**Saved entries**:

• • • •

(* The slope vanishes at [x = y = p], and the posteriors at which [bsc_leak] is evaluated are
   [posterior p m], [posterior p (/ m)] for [m = (1 - b) / b]. *)
Lemma leak_slope_pos w b p : 0 < w < 2 -> 0 < b < 1/2 -> 0 < p < 1/2 ->
  0 < leak_slope w b p (p * (1 - b) / py1 p b) (p * b / (1 - py1 p b)).
Proof.
  intros hw hb hp.
  set (r := (1 - b) / b).
  assert (hr : 1 < r) by (unfold r; apply Rmult_lt_reg_r with b; [lra|]; field_simplify; lra).
  assert (H : leak_slope w b p (posterior p 1) (posterior p (/ 1))
              < leak_slope w b p (posterior p r) (posterior p (/ r))).
  { apply (strict_incr_of_derive (fun m => leak_slope w b p (posterior p m) (posterior p (/ m)))
             (leak_slope_path_d1 w b p) 1 r); try lra.
    - intros m hm. apply is_derive_leak_slope_path; lra.
    - intros m hm. apply leak_slope_path_d1_pos; try lra.
      apply Rmult_le_reg_r with (/ b); [apply Rinv_0_lt_compat; lra|].
      unfold r in hm. field_simplify; lra. }
  assert (hq := py1_range p b ltac:(lra) ltac:(lra)).
  replace (posterior p 1) with p in H by (unfold posterior; field; lra).
  replace (posterior p (/ 1)) with p in H by (unfold posterior; field; lra).
  replace (posterior p r) with (p * (1 - b) / py1 p b) in H
    by (unfold posterior, r, py1 in *; field; lra).
  replace (posterior p (/ r)) with (p * b / (1 - py1 p b)) in H
    by (unfold posterior, r, py1 in *; field; lra).
  replace (leak_slope w b p p p) with 0 in H by (unfold leak_slope; ring).
  exact H.
Qed.

Lemma bsc_leak_strict_incr w b x y : 0 < w < 2 -> 0 < b < 1/2 ->
  0 <= x -> x < y -> y <= 1/2 -> bsc_leak w b x < bsc_leak w b y.
Proof.
  intros hw hb.
  apply (strict_incr_of_derive (bsc_leak w b)
           (fun p => leak_slope w b p (p * (1 - b) / py1 p b) (p * b / (1 - py1 p b))) 0 (1/2)).
  - intros p hp. apply is_derive_bsc_leak, py1_range; lra.
  - intros p hp. apply leak_slope_pos; lra.
Qed.

Lemma leak_strict_incr w b x y : 0 < w < 2 -> 0 <= b <= 1 -> b <> 1/2 ->
  0 <= x -> x < y -> y <= 1/2 -> leak w x b < leak w y b.
Proof.
  intros hw hb hb2 hx hxy hy.
  assert (Hlow : forall b, 0 <= b < 1/2 -> leak w x b < leak w y b).
  { clear b hb hb2. intros b hb. rewrite !leak_eq_bsc_leak by lra.
    destruct (Req_dec b 0) as [->|hb0].
    - rewrite !bsc_leak_0 by lra.
      assert (mimb w x < mimb w y) by (apply mimb_strict_incr; lra). lra.
    - apply bsc_leak_strict_incr; lra. }
  destruct (Rlt_le_dec b (1/2)) as [h|h]; [apply Hlow; lra|].
  rewrite <- (leak_sym w x b), <- (leak_sym w y b) by lra. apply Hlow; lra.
Qed.

Lemma leak_ivt w b eps : 0 <= b <= 1 -> 0 <= eps <= C_beta w b ->
  exists ps, 0 <= ps <= 1/2 /\ leak w ps b = eps.
Proof.
  intros hb he. revert b eps hb he.
  assert (Hlow : forall b eps, 0 <= b <= 1/2 -> 0 <= eps <= C_beta w b ->
                   exists ps, 0 <= ps <= 1/2 /\ leak w ps b = eps).
  { intros b eps hb he.
    rewrite <- (leak_zero w b), <- (leak_half w b) in he by lra.
    rewrite !leak_eq_bsc_leak in he by lra.
    destruct (Req_dec b 0) as [->|hb0].
    - rewrite !bsc_leak_0 in he by lra.
      destruct (ivt_of_derive (mimb w) (mimb_d1 w) 0 (1/2) (eps + 1)) as [ps [hps E]];
        [lra|intros; apply is_derive_mimb|lra|].
      exists ps. split; [exact hps|]. rewrite leak_eq_bsc_leak, bsc_leak_0 by lra. lra.
    - destruct (ivt_of_derive (bsc_leak w b)
                  (fun p => leak_slope w b p (p * (1 - b) / py1 p b) (p * b / (1 - py1 p b)))
                  0 (1/2) eps) as [ps [hps E]]; [lra| |exact he|].
      + intros p hp. apply is_derive_bsc_leak, py1_range; lra.
      + exists ps. split; [exact hps|]. rewrite leak_eq_bsc_leak by lra. exact E. }
  intros b eps hb he. destruct (Rle_lt_dec b (1/2)) as [h|h]; [apply Hlow; lra|].
  destruct (Hlow (1 - b) eps) as [ps [hps E]]; [lra| |].
  - unfold C_beta in *. replace (1 - (1 - b)) with b by ring. lra.
  - exists ps. split; [exact hps|]. rewrite <- leak_sym by lra. exact E.
Qed.

Lemma ln2_pos : 0 < ln 2.
Proof. assert (H := ln_lt_2). lra. Qed.

Lemma ln_nonpos x : 0 < x <= 1 -> ln x <= 0.
Proof.
  intros [h0 [h1| ->]]; [|rewrite ln_1; lra].
  rewrite <- ln_1. left. apply ln_increasing; lra.
Qed.

(* A vanishing joint probability makes the term vanish whatever the junk value of the log. *)
Lemma MI_term_split A c y : 0 <= A -> 0 <= c -> A * c <= y ->
  A * c * log2 (c / y) = A * c * log2 c - A * c * log2 y.
Proof.
  intros hA hc hy. destruct (Req_dec (A * c) 0) as [E|E]; [rewrite E; ring|].
  assert (0 < A * c) by (destruct (Rmult_le_pos A c hA hc); [assumption|congruence]).
  assert (0 < c) by (destruct hc as [hc|<-]; [exact hc|now rewrite Rmult_0_r in E]).
  unfold log2. rewrite ln_div by lra. field. apply Rgt_not_eq, ln2_pos.
Qed.
(* Let $(f_n):\underline G=(G_n,p_n)\to\underline H=(H_n,q_n)$ be a level morphism of inverse sequences of groups which induces an isomorphism $\tilde f:\varprojlim G_n\to\varprojlim H_n$, $\tilde f((g_n))=(f_n(g_n))$. If $\underline G$ and $\underline H$ are Mittag-Leffler and $\pi_n(G)$ is countable for all $n$, where $G=\varprojlim G_n$ and $\pi_n:G\to G_n$ is the natural projection, then the morphism $\underline f:\underline G\to\underline H$ of \textbf{Tower-Grp} determined by $(f_n)$ is an isomorphism in \textbf{Tower-Grp}.
   Context: A level morphism $(f_n)$ consists of homomorphisms $f_n:G_n\to H_n$ with $f_n\circ p_n=q_n\circ f_{n+1}$ for all $n$. An inverse sequence $(G_n,p_n)$ is Mittag-Leffler if for every $n_0$ there is $n_1>n_0$ with $p_{n_0n}(G_n)=p_{n_0n_1}(G_{n_1})$ for all $n>n_1$, where $p_{nm}=p_n\circ\cdots\circ p_{m-1}$. \textbf{Tower-Grp}: objects inverse sequences of groups; morphisms $(f_n,\Phi)$ with $\Phi:\mathbb{N}\to\mathbb{N}$, homomorphisms $f_n:G_{\Phi(n)}\to H_n$ such that for all $n'>n$ there is $m\ge\Phi(n),\Phi(n')$ with $f_n\circ p_{\Phi(n)m}=q_{nn'}\circ f_{n'}\circ p_{\Phi(n')m}$, modulo: $(f_n,\Phi)\sim(g_n,\Psi)$ if every $n$ admits $m\ge\Phi(n),\Psi(n)$ with $f_n\circ p_{\Phi(n)m}=g_n\circ p_{\Psi(n)m}$; composition $(g_n\circ f_{\Psi(n)},\Phi\circ\Psi)$. *)

From mathcomp Require Import all_boot.
Set Implicit Arguments.
Unset Strict Implicit.
Unset Printing Implicit Defensive.

Record grp := Grp {
  gcar :> Type;
  gmul : gcar -> gcar -> gcar;
  gone : gcar;
  ginv : gcar -> gcar;
  gmulA : forall x y z, gmul x (gmul y z) = gmul (gmul x y) z;
  gmul1 : forall x, gmul gone x = x;
  gmulV : forall x, gmul (ginv x) x = gone
}.

Definition is_hom (G H : grp) (f : G -> H) : Prop :=
  forall x y, f (gmul x y) = gmul (f x) (f y).

Record invseq := InvSeq {
  sG :> nat -> grp;
  sp : forall n, sG n.+1 -> sG n;
  sp_hom : forall n, @is_hom (sG n.+1) (sG n) (@sp n)
}.
Arguments sp : clear implicits.

Section Bonding.
Variable S : invseq.

Fixpoint pdown (n k : nat) : S (k + n) -> S n :=
  match k return S (k + n) -> S n with
  | 0 => fun x => x
  | k'.+1 => fun x => @pdown n k' (sp S (k' + n) x)
  end.

Definition castS (m m' : nat) (e : m = m') (x : S m) : S m' :=
  eq_rect m (fun i => S i) x m' e.

(* p_{nm} : S m -> S n for n <= m; for m < n (never used) it is the
   constant map to the identity element. *)
Definition pnm (n m : nat) : S m -> S n :=
  match (n <= m) as b return (n <= m) = b -> S m -> S n with
  | true => fun h x => @pdown n (m - n) (castS (esym (subnK h)) x)
  | false => fun _ _ => gone (S n)
  end (erefl (n <= m)).
End Bonding.

Definition level_morphism (G H : invseq) (f : forall n, G n -> H n) : Prop :=
  (forall n, is_hom (f n)) /\
  (forall n (x : G n.+1), f n (sp G n x) = sp H n (f n.+1 x)).

Definition thread (G : invseq) (g : forall n, G n) : Prop :=
  forall n, sp G n (g n.+1) = g n.
(* Let $E^{II}_m(q;x,y)=\sum_{T\in\mathcal{T}^{II}_m}x^{l(T)}y^{u(T)}q^{\operatorname{inv}(T)}$ for $m\ge1$ and set $E^{II}_0(q;x,y)=x$. Then for all $n\ge1$, \[ E^{II}_{n+1}(q;x,y)=y\,E^{II}_n(q;x,y)+\sum_{k=0}^{n-2}q^{2(n-k-1)}{n-1\brack k}_q\,E^{II}_{k+1}(q;x,y)\,E^{II}_{n-k-1}(q;x,y). \]
   Context: An increasing binary tree on $[m]$ is a rooted tree on $\{1,\dots,m\}$ with labels increasing along paths from the root, each vertex having at most one (distinguished) left child and at most one right child. $\mathcal{T}^{II}_m$ is the set of André II trees on $[m]$: increasing binary trees in which, for every vertex with at least one child, the minimum label of the left subtree is greater than the minimum label of the right subtree (minimum of the empty tree $=+\infty$). $l(T)$ is the number of leaves, $u(T)$ the number of vertices with exactly one child. An inversion of $T$ is a pair $(i,j)$ of vertices with $i>j$ such that either (1) $j$ belongs to the right subtree of some vertex $v$ on the path from the root to $i$ whose left child is on that path; or (2) $j$ is on the path from the root to $i$ and the left child of $j$ is on that path; $\operatorname{inv}(T)$ counts inversions. ${n\brack k}_q=\frac{(q;q)_n}{(q;q)_k(q;q)_{n-k}}$, $(q;q)_n=\prod_{i=1}^n(1-q^i)$. *)

From HB Require Import structures.
From mathcomp Require Import all_boot all_order all_algebra.
Set Implicit Arguments. Unset Strict Implicit. Unset Printing Implicit Defensive.
Import Order.TTheory GRing.Theory Num.Theory.

(* Binary trees with nat labels; Leaf = empty tree, Node l v r = vertex v
   with left subtree l and right subtree r. *)
Inductive btree := Leaf | Node of btree & nat & btree.

Fixpoint btree_eqb (s t : btree) : bool :=
  match s, t with
  | Leaf, Leaf => true
  | Node l v r, Node l' v' r' => [&& btree_eqb l l', v == v' & btree_eqb r r']
  | _, _ => false
  end.

Lemma btree_eqbP : Equality.axiom btree_eqb.
Proof.
elim=> [|l IHl v r IHr] [|l' v' r'] /=; try by constructor.
case: (IHl l') => [->|nl] /=; last by right; congruence.
case: (v =P v') => [->|nv] /=; last by right; congruence.
by case: (IHr r') => [->|nr]; [left | right; congruence].
Qed.

HB.instance Definition _ := hasDecEq.Build btree btree_eqbP.

Fixpoint labels (t : btree) : seq nat :=
  match t with Leaf => [::] | Node l v r => labels l ++ v :: labels r end.

Fixpoint subtrees (t : btree) : seq btree :=
  match t with Leaf => [::] | Node l v r => t :: subtrees l ++ subtrees r end.

Definition root_label (t : btree) : option nat :=
  if t is Node _ v _ then Some v else None.

Fixpoint increasing (t : btree) : bool :=
  match t with
  | Leaf => true
  | Node l v r =>
      [&& (if root_label l is Some a then v < a else true),
          (if root_label r is Some b then v < b else true),
          increasing l & increasing r]
  end.

(* minimum label of a tree; None stands for +infinity (empty tree) *)
Definition min_label (t : btree) : option nat :=
  if labels t is a :: s then Some (foldr minn a s) else None.

Definition gt_ext (a b : option nat) : bool :=
  match a, b with
  | None, Some _ => true
  | Some a, Some b => b < a
  | _, _ => false
  end.

Fixpoint andre_cond (t : btree) : bool :=
  match t with
  | Leaf => true
  | Node l v r =>
      [&& ((l == Leaf) && (r == Leaf)) || gt_ext (min_label l) (min_label r),
          andre_cond l & andre_cond r]
  end.

Definition andreII (m : nat) (t : btree) : bool :=
  [&& perm_eq (labels t) (iota 1 m), increasing t & andre_cond t].

Fixpoint leaves (t : btree) : nat :=
  match t with
  | Leaf => 0
  | Node Leaf _ Leaf => 1
  | Node l _ r => leaves l + leaves r
  end.

Fixpoint unary (t : btree) : nat :=
  match t with
  | Leaf => 0
  | Node l _ r =>
      ((l == Leaf) (+) (r == Leaf)) + unary l + unary r
  end.

Definition is_inv (t : btree) (i j : nat) : bool :=
  (j < i) &&
  has (fun s => if s is Node l v r then
                  (i \in labels l) && ((j \in labels r) || (j == v))
                else false) (subtrees t).

Definition inv_tree (t : btree) : nat :=
  size [seq p <- [seq (i, j) | i <- labels t, j <- labels t] | is_inv t p.1 p.2].

Fixpoint all_trees (L : seq nat) (h : nat) : seq btree :=
  match h with
  | 0 => [:: Leaf]
  | h'.+1 => Leaf :: flatten [seq [seq Node l v r | v <- L, r <- all_trees L h']
                                 | l <- all_trees L h']
  end.

Local Open Scope ring_scope.

(* E^{II}_m(q;x,y); a tree on [m] has m vertices hence height <= m,
   so all André II trees on [m] appear in all_trees (iota 1 m) m. *)
Definition EII (R : comRingType) (q x y : R) (m : nat) : R :=
  if m is 0 then x else
  \sum_(t <- undup (all_trees (iota 1 m) m) | andreII m t)
     x ^+ leaves t * y ^+ unary t * q ^+ inv_tree t.

Definition qpoch (R : comRingType) (q : R) (n : nat) : R :=
  \prod_(1 <= i < n.+1) (1 - q ^+ i).

Definition qbinom (R : fieldType) (q : R) (n k : nat) : R :=
  qpoch q n / (qpoch q k * qpoch q (n - k)).

(* In an André II tree on a sorted label list v :: a :: s the root carries the least label v,
   and the André condition at the root only forces the second least label a into the right
   subtree.  Hence these trees are exactly the Node l v r with l an André tree on a
   subsequence A of s and r one on a :: B, where B is the complementary subsequence.  Leaves,
   unary vertices and inversions add up over the two subtrees, except that the root is unary
   iff A is empty and that the pairs straddling the root contribute cross(A, v :: a :: B)
   inversions.  All statistics are invariant under order-preserving relabelling, so for
   v = 1 and a = 2 the split (A, B) contributes q^(2|A| + cross(A, B)) E_|A| E_(|B|+1);
   summing q^cross(A, B) over the splits with |B| = k gives the Gaussian binomial, since both
   satisfy the q-Pascal recurrence. *)

From HB Require Import structures.
From mathcomp Require Import all_boot all_order all_algebra.
From mathcomp Require Import zify ring.
Import GRing.Theory.
Set Implicit Arguments. Unset Strict Implicit. Unset Printing Implicit Defensive.

Fixpoint splits {T : Type} (s : seq T) : seq (seq T * seq T) :=
  if s is x :: s' then
    [seq (x :: p.1, p.2) | p <- splits s'] ++ [seq (p.1, x :: p.2) | p <- splits s']
  else [:: ([::], [::])].

Lemma splits_map (T T' : Type) (f : T -> T') s :
  splits (map f s) = [seq (map f p.1, map f p.2) | p <- splits s].
Proof.
elim: s => //= x s ->; rewrite map_cat -!map_comp.
by congr (_ ++ _); apply: eq_map => -[].
Qed.

Section Splits.

Variable T : eqType.
Implicit Types (s : seq T) (p : seq T * seq T).

Lemma perm_splits s p : p \in splits s -> perm_eq (p.1 ++ p.2) s.
Proof.
elim: s p => [|x s IH] [A B] /=; first by rewrite inE => /eqP [-> ->].
rewrite mem_cat => /orP [] /mapP [[A' B'] /IH /= pAB [-> ->]] /=.
  by rewrite perm_cons.
by rewrite -cat1s perm_catCA /= perm_cons.
Qed.

Lemma size_splits s p : p \in splits s -> size p.1 + size p.2 = size s.
Proof. by move/perm_splits/perm_size; rewrite size_cat. Qed.

Lemma subseq_splits s p : p \in splits s -> subseq p.1 s /\ subseq p.2 s.
Proof.
elim: s p => [|x s IH] [A B] /=; first by rewrite inE => /eqP [-> ->].
rewrite mem_cat => /orP [] /mapP [[A' B'] /IH /= [sA sB] [-> ->]] /=.
  by split; [rewrite /= eqxx | exact: subseq_trans sB (subseq_cons _ _)].
by split; [exact: subseq_trans sA (subseq_cons _ _) | rewrite /= eqxx].
Qed.

Lemma all_splits (a : pred T) s p : all a s -> p \in splits s -> all a p.1 /\ all a p.2.
Proof. by move=> a_s /perm_splits/(perm_all a); rewrite all_cat a_s => /andP. Qed.

Lemma filter_mem_splits (a : pred T) s :
  ([seq z <- s | a z], [seq z <- s | ~~ a z]) \in splits s.
Proof.
elim: s => //= x s IH; rewrite mem_cat.
by case: (a x); apply/orP; [left | right]; apply/mapP; exists (filter a s, filter (predC a) s).
Qed.

Lemma filter_splits_nil s : [seq p <- splits s | p.1 == [::]] = [:: ([::], s)].
Proof. by elim: s => //= x s IH; rewrite filter_cat !filter_map filter_pred0 //= IH. Qed.

Lemma uniq_splits s : uniq s -> uniq (splits s).
Proof.
elim: s => //= x s IH /andP [xs us].
have injl : injective (fun p => (x :: p.1, p.2) : seq T * seq T).
  by move=> [A B] [A' B'] [-> ->].
have injr : injective (fun p => (p.1, x :: p.2) : seq T * seq T).
  by move=> [A B] [A' B'] [-> ->].
rewrite cat_uniq !map_inj_uniq ?IH //= andbT.
apply/hasPn => _ /mapP [p _ ->]; apply/mapP => -[p' /subseq_splits [_ sB] [_ Bx]].
by move: xs; rewrite (mem_subseq sB) // -Bx mem_head.
Qed.

Lemma sorted_splits (leT : rel T) a s p : transitive leT ->
  sorted leT (a :: s) -> p \in splits s -> sorted leT p.1 /\ sorted leT (a :: p.2).
Proof.
move=> leT_tr as_sorted /subseq_splits [sA sB]; split.
  by apply: (subseq_sorted leT_tr sA); apply: path_sorted as_sorted.
by apply: (subseq_sorted leT_tr _ as_sorted); rewrite /= eqxx.
Qed.

End Splits.

Lemma perm_cat_filter (T : eqType) (L R s : seq T) :
  perm_eq (L ++ R) s -> uniq s ->
  perm_eq L [seq z <- s | z \in L] /\ perm_eq R [seq z <- s | z \notin L].
Proof.
move=> pLR us; have := us; rewrite -(perm_uniq pLR) cat_uniq => /and3P [uL dLR uR].
have inLR z : (z \in s) = (z \in L) || (z \in R) by rewrite -(perm_mem pLR) mem_cat.
split; apply: uniq_perm; rewrite ?filter_uniq // => z; rewrite mem_filter inLR.
  by case: (z \in L).
by case: (boolP (z \in R)) => zR; [rewrite (negbTE (hasPn dLR _ zR)) | rewrite orbF andNb].
Qed.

• • • •

Report all lines above with "comRingType".

**Reply to the task**:
Definition EII (R : comRingType) (q x y : R) (m : nat) : R :=
Definition qpoch (R : comRingType) (q : R) (n : nat) : R :=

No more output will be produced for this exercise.